I also think the E.J. "good" is close to how I would describe our relationship at five years old. Again, not the word itself so much as the way you say it. I think we spent more time together this year than we ever have, including "boys' days," reading, battling at the park and in the front yard after work, and in heart-to-hearts as you start to process real concepts like fairness. One of our boys' days included a morning out to the baseball card store, which has kicked off a really fun hobby and may have caused your first "favorite player." We bought a bunch of packs of cards to open at McDonald's and I was telling you who some of the best players were that you might get. Low and behold, the first name I mentioned was also the very first card in your very pack. We've since acquired matching jerseys and watched him hit a long home run in person on Father's Day. In case the rest ends up being history, so to speak, I thought it was worth chronicling here.

If I'm being honest, I'm also a little nervous about keeping up this momentum. So far, raising a son has absolutely everything I could have ever imagined it would be, but we're only just getting started. While you are just five, I am old enough to know what a fine line the world will need you to walk between masculine leadership and thoughtful compassion. I want you to be competitive and strong and confident, but it is even more important for you to be a great husband and father who considers the needs of others before yourself. I don't have the closest relationship with my father or a clear model for the best way to help you as you grow up. You are such an amazing little boy with all the potential in the world, and I guess I am starting to process how great a responsibility I have to help you realize it in a healthy and productive way. I know these things are on my mind because of the current political climate, but I also know that you're only five and don't have to grow up for a little while yet, though you have started getting regular haircuts and are all in on "handsome clothes" for church and big school events.

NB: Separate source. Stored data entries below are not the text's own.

(* For every integer $n>2$, the finite model $\mathbb{S}^1_n$ of $S^1$ with $2n$ points satisfies $\mathrm{TC}(\mathbb{S}^1_n)\le 3$.
   Context: Finite spaces are finite $T_0$ topological spaces, identified with finite posets: $y\le x$ iff $y$ lies in every open set containing $x$; the minimal open neighborhood of $x$ is $x^\downarrow=\{y: y\le x\}$, and open sets are exactly the down-closed sets. For $n\ge 2$, $\mathbb{S}^1_n=\{x_0,\dots,x_{n-1},y_0,\dots,y_{n-1}\}$ is the finite space whose minimal open sets are $x_i^\downarrow=\{x_i\}$ and $y_i^\downarrow=\{y_i,x_i,x_{i-1 \bmod n}\}$ for $0\le i<n$. Topological complexity is unreduced: for a path-connected space $X$, with $X^I$ the space of paths $[0,1]\to X$ (compact-open topology) and $\pi:X^I\to X\times X$, $\pi(\gamma)=(\gamma(0),\gamma(1))$, $\mathrm{TC}(X)$ is the minimal $k$ such that $X\times X$ is covered by open sets $Q_1,\dots,Q_k$ each admitting a continuous map $s_i:Q_i\to X^I$ with $\pi\circ s_i$ the inclusion. *)

From Stdlib Require Import Reals List Arith.
Open Scope R_scope.

Definition unitI : Type := {t : R | 0 <= t <= 1}.
Definition I0 : unitI := exist _ 0 (conj (Rle_refl 0) Rle_0_1).
Definition I1 : unitI := exist _ 1 (conj Rle_0_1 (Rle_refl 1)).

Definition openI (V : unitI -> Prop) : Prop :=
  forall t, V t -> exists eps, 0 < eps /\
    forall s : unitI, Rabs (proj1_sig s - proj1_sig t) < eps -> V s.

Definition compactI (K : unitI -> Prop) : Prop :=
  forall (J : Type) (F : J -> unitI -> Prop),
    (forall j, openI (F j)) ->
    (forall t, K t -> exists j, F j t) ->
    exists l : list J, forall t, K t -> exists j, In j l /\ F j t.

(** A space is a carrier T with a predicate [openT] singling out its open sets. *)

Definition cont_path {T : Type} (openT : (T -> Prop) -> Prop) (g : unitI -> T) : Prop :=
  forall U, openT U -> openI (fun t => U (g t)).

Definition Path (T : Type) (openT : (T -> Prop) -> Prop) : Type :=
  {g : unitI -> T | cont_path openT g}.

Definition co_subbasic {T : Type} (openT : (T -> Prop) -> Prop)
  (K : unitI -> Prop) (U : T -> Prop) (g : Path T openT) : Prop :=
  forall t, K t -> U (proj1_sig g t).

(** Compact-open topology: the topology generated by the subbasis above,
    i.e. unions of finite intersections of subbasic sets. *)
Definition open_CO {T : Type} (openT : (T -> Prop) -> Prop) (W : Path T openT -> Prop) : Prop :=
  forall g, W g -> exists l : list ((unitI -> Prop) * (T -> Prop)),
    (forall KU, In KU l -> compactI (fst KU) /\ openT (snd KU)) /\
    (forall KU, In KU l -> co_subbasic openT (fst KU) (snd KU) g) /\
    (forall h, (forall KU, In KU l -> co_subbasic openT (fst KU) (snd KU) h) -> W h).

Definition open_prod {T : Type} (openT : (T -> Prop) -> Prop) (W : T * T -> Prop) : Prop :=
  forall p, W p -> exists U V, openT U /\ openT V /\ U (fst p) /\ V (snd p) /\
    forall a b, U a -> V b -> W (a, b).

(** Continuity of s : Q -> X^I, Q carrying the subspace topology of X × X. *)
Definition cont_on {T : Type} (openT : (T -> Prop) -> Prop) (Q : T * T -> Prop)
  (s : {p : T * T | Q p} -> Path T openT) : Prop :=
  forall O, open_CO openT O ->
    exists W, open_prod openT W /\ forall q, O (s q) <-> W (proj1_sig q).

Definition is_section {T : Type} (openT : (T -> Prop) -> Prop) (Q : T * T -> Prop)
  (s : {p : T * T | Q p} -> Path T openT) : Prop :=
  forall q, proj1_sig (s q) I0 = fst (proj1_sig q) /\ proj1_sig (s q) I1 = snd (proj1_sig q).

Definition mp_cover (T : Type) (openT : (T -> Prop) -> Prop) (k : nat) : Prop :=
  exists (Q : nat -> T * T -> Prop) (s : forall i, {p : T * T | Q i p} -> Path T openT),
    (forall i, (i < k)%nat ->
       open_prod openT (Q i) /\ cont_on openT (Q i) (s i) /\ is_section openT (Q i) (s i)) /\
    (forall p, exists i, (i < k)%nat /\ Q i p).

(** m = TC(X) (unreduced): m is the minimal such k. *)
Definition is_TC (T : Type) (openT : (T -> Prop) -> Prop) (m : nat) : Prop :=
  mp_cover T openT m /\ forall m', mp_cover T openT m' -> (m <= m')%nat.
(* For every integer $n>1$, $\mathrm{DE3}(n+2)+\mathrm{DE3}(n-1)$ equals the number of partitions of $n$ into parts none of which is divisible by $4$.
   Context: For a nonnegative integer $n$, $\mathrm{DE3}(n)$ denotes the number of partitions of $n$ in which no even part is repeated, and the largest part is odd and appears exactly once (so $\mathrm{DE3}(0)=0$). Equivalently, $\sum_{n\ge0}\mathrm{DE3}(n)q^n=\sum_{n\ge0}\frac{(-q^2;q^2)_n q^{2n+1}}{(q;q^2)_{n}}$, where $(a;q)_0=1$ and $(a;q)_n=\prod_{j=0}^{n-1}(1-aq^j)$. *)

(* Integer partitions represented as nonincreasing sequences
   of positive naturals. *)
From mathcomp Require Import all_boot.
Set Implicit Arguments. Unset Strict Implicit. Unset Printing Implicit Defensive.

Fixpoint seqs_upto (k : nat) (A : seq nat) : seq (seq nat) :=
  match k with
  | 0 => [:: [::]]
  | k'.+1 => [::] :: [seq x :: s | x <- A, s <- seqs_upto k' A]
  end.

Definition is_partition (n : nat) (s : seq nat) : bool :=
  [&& all (fun x => 0 < x) s, sorted geq s & sumn s == n].

(* The (duplicate-free) list of all partitions of n: every partition of n has
   at most n parts, each in 1..n. *)
Definition partitions (n : nat) : seq (seq nat) :=
  undup [seq s <- seqs_upto n (iota 1 n) | is_partition n s].

Definition de3_cond (s : seq nat) : bool :=
  [&& all (fun x => ~~ odd x ==> (count_mem x s <= 1)) s,
      s != [::],
      odd (head 0 s) & count_mem (head 0 s) s == 1].

Definition DE3 (n : nat) : nat := count de3_cond (partitions n).

Definition p_no4 (n : nat) : nat :=
  count (fun s => all (fun x => ~~ (4 %| x)) s) (partitions n).

Example DE3_0 : DE3 0 = 0. Proof. by []. Qed.
Example chk : DE3 5 + DE3 2 = p_no4 3. Proof. by vm_compute. Qed.
Example chk2 : DE3 6 + DE3 3 = p_no4 4. Proof. by vm_compute. Qed.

Speaking of being five, you love Halloween, costumes, and baseball. Oh, how you've fallen in love with baseball. On the last day of preschool, you actually wrote that you wanted to be a professional baseball player when you grow up. You also told your teacher you wanted to be Spider-Man, so I'm taking it with a grain of salt. Anyway, we switched to a more formal tee-ball league with three fields and a concession stand last fall. I was your head coach for the first time this Spring and since the season ended, you have asked to practice almost every single day. You are eager to work on all parts of the game, even though you aren't big enough to confidently swing an aluminum bat and well, aren't bothered by bad reps and you are always thinking about the things we work on, talking about old tips or showing me things during nap times. You also study your baseball cards and the players we watch on TV, which has led to some adorableness, like fashioning an elbow guard for batting, giving high fives to the imaginary dugout after a home run, performing slow-motion replays, and throwing from your knees when you are being the catcher.

Off the field, I'm excited for you to start kindergarten this fall. You really seem to have an aptitude for learning and you pick things up really fast, like basic sight words and addition, and even the concept of negative numbers. One time, you even brought me a book because you wanted to practice reading. Without ever having done it before, you just sort of pieced together letter sounds and kept track of the words you worked out and did an amazing job.

I'd be remiss if I didn't mention that you started sharing a room with Ellie this past year, put your hands up on roller coasters at Disney, were obsessed with The Nightmare Before Christmas for a while and saw a lot of cool places on our summer road trip (I'm sure there's a book for that - P.S., your future wife is going to love your mama for doing such an awesome job chronicling how cute you are right now.)

I love you, little buddy, and couldn't be more excited to keep enjoying what we have going on right now. I promise I will always do my best.